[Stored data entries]
(* Let $B^n$ be the open unit ball of $\mathbb{R}^n$, let $f\colon[0,1)\to[0,\infty)$ with $f(0)=1$, and suppose $\rho_M(x,y)=\dfrac{|x-y|}{f(|x|)f(|y|)}$ is a metric on $B^n$. Then $\rho_M(g(x),g(y))=\rho_M(x,y)$ for all $x,y\in B^n$ and all $g\in GM(B^n)$ if and only if $f(x)=\sqrt{1-x^2}$ for all $x\in[0,1)$.
   Context: $GM(B^n)$ denotes the group of Möbius transformations of $\overline{\mathbb{R}^n}=\mathbb{R}^n\cup\{\infty\}$ mapping $B^n$ onto itself. Convention $0/0=0$. *)

(* Euclidean space R^n = 'rV[R]_n over R : realType (the real numbers)
The extended space
   \overline{R^n} = R^n \cup {\infty} is modelled as option 'rV[R]_n,
   with None = \infty. *)
From HB Require Import structures.
From mathcomp Require Import all_boot all_order all_algebra.
From mathcomp Require Import reals.
Set Implicit Arguments. Unset Strict Implicit. Unset Printing Implicit Defensive.
Import Order.TTheory GRing.Theory Num.Theory.
Local Open Scope ring_scope.

Section Defs.
Variables (R : realType) (n : nat).

Definition pt := 'rV[R]_n.
Definition ext := option pt.

Definition dotv (x y : pt) : R := \sum_(i < n) x 0 i * y 0 i.
Definition enorm (x : pt) : R := Num.sqrt (dotv x x).

Definition in_ball (x : pt) : Prop := enorm x < 1.

Definition hyp_refl (a : pt) (t : R) (z : ext) : ext :=
  match z with
  | None => None
  | Some x => Some (x - ((2 * (dotv x a - t)) / dotv a a) *: a)
  end.

Definition sph_refl (a : pt) (r : R) (z : ext) : ext :=
  match z with
  | None => Some a
  | Some x => if x == a then None
              else Some (a + (r ^+ 2 / dotv (x - a) (x - a)) *: (x - a))
  end.

Definition is_reflection (s : ext -> ext) : Prop :=
  (exists a t, a != 0 /\ s = hyp_refl a t) \/
  (exists a r, 0 < r /\ s = sph_refl a r).

Inductive is_mobius : (ext -> ext) -> Prop :=
  | mob_id : is_mobius id
  | mob_comp s g : is_reflection s -> is_mobius g -> is_mobius (s \o g).

Definition GM_ball (g : ext -> ext) : Prop :=
  is_mobius g /\
  (forall x, in_ball x -> exists y, g (Some x) = Some y /\ in_ball y) /\
  (forall y, in_ball y -> exists x, in_ball x /\ g (Some x) = Some y).

(* rho_M(x,y) = |x-y| / (f(|x|) f(|y|)); in MathComp u / 0 = 0, which
   agrees with the convention 0/0 = 0. *)
Definition rhoM (f : R -> R) (x y : pt) : R :=
  enorm (x - y) / (f (enorm x) * f (enorm y)).

Definition metric_on_ball (d : pt -> pt -> R) : Prop :=
  (forall x y, in_ball x -> in_ball y -> 0 <= d x y) /\
  (forall x y, in_ball x -> in_ball y -> (d x y = 0 <-> x = y)) /\
  (forall x y, in_ball x -> in_ball y -> d x y = d y x) /\
  (forall x y z, in_ball x -> in_ball y -> in_ball z ->
     d x z <= d x y + d y z).

End Defs.

From HB Require Import structures.
From mathcomp Require Import all_boot all_order all_algebra.
From mathcomp Require Import reals ring lra.
Import Order.TTheory GRing.Theory Num.Theory.
Local Open Scope ring_scope.
Set Implicit Arguments. Unset Strict Implicit. Unset Printing Implicit Defensive.

(* Send x in R^n to the null vector (x, (|x|^2 - 1)/2, (|x|^2 + 1)/2) of R^(n+1,1) and infinity
   to (0, 1, 1); then <X, Y> = -|x - y|^2 / 2, and reflections in hyperplanes and spheres become
   Lorentz reflections up to positive rescalings of null vectors, so every Moebius map g lifts to
   a Lorentz isometry L.  If g preserves B^n, the adjoint of L fixes E = (0, 1, 0), the vector
   polar to the unit sphere: <emb x, L^* E> has the sign of |g x|^2 - 1, and along each axis a
   quadratic with that sign pattern forces L^* E = E.  Hence the scale-free ratio
   -<X, Y> / (2 <X, E> <Y, E>), equal to |x - y|^2 / ((1 - |x|^2)(1 - |y|^2)) on B^n, is
   GM(B^n)-invariant, and its square root is rho_M for f(t) = sqrt(1 - t^2).
   Conversely, the inversion in the sphere orthogonal to the unit sphere centred at e/s maps 0 to
   s e and -s e to t e with t = 2s/(1 + s^2); invariance of rho_M on these points and f(0) = 1
   force f(t) = (t - s)/s = sqrt(1 - t^2). *)

Section Euclid.
Variables (R : realType) (n : nat).
Implicit Types (x y z : pt R n).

— PROBLEM DESCRIPTION —
Wherever the line holding "d x z <= d x y + d y z)." falls in the entries above, copy exactly from it through the line holding "Lorentz reflections up", inclusive, and add nothing.

— ANSWER BELOW —
     d x z <= d x y + d y z).

End Defs.

From HB Require Import structures.
From mathcomp Require Import all_boot all_order all_algebra.
From mathcomp Require Import reals ring lra.
Import Order.TTheory GRing.Theory Num.Theory.
Local Open Scope ring_scope.
Set Implicit Arguments. Unset Strict Implicit. Unset Printing Implicit Defensive.

(* Send x in R^n to the null vector (x, (|x|^2 - 1)/2, (|x|^2 + 1)/2) of R^(n+1,1) and infinity
   to (0, 1, 1); then <X, Y> = -|x - y|^2 / 2, and reflections in hyperplanes and spheres become
   Lorentz reflections up to positive rescalings of null vectors, so every Moebius map g lifts to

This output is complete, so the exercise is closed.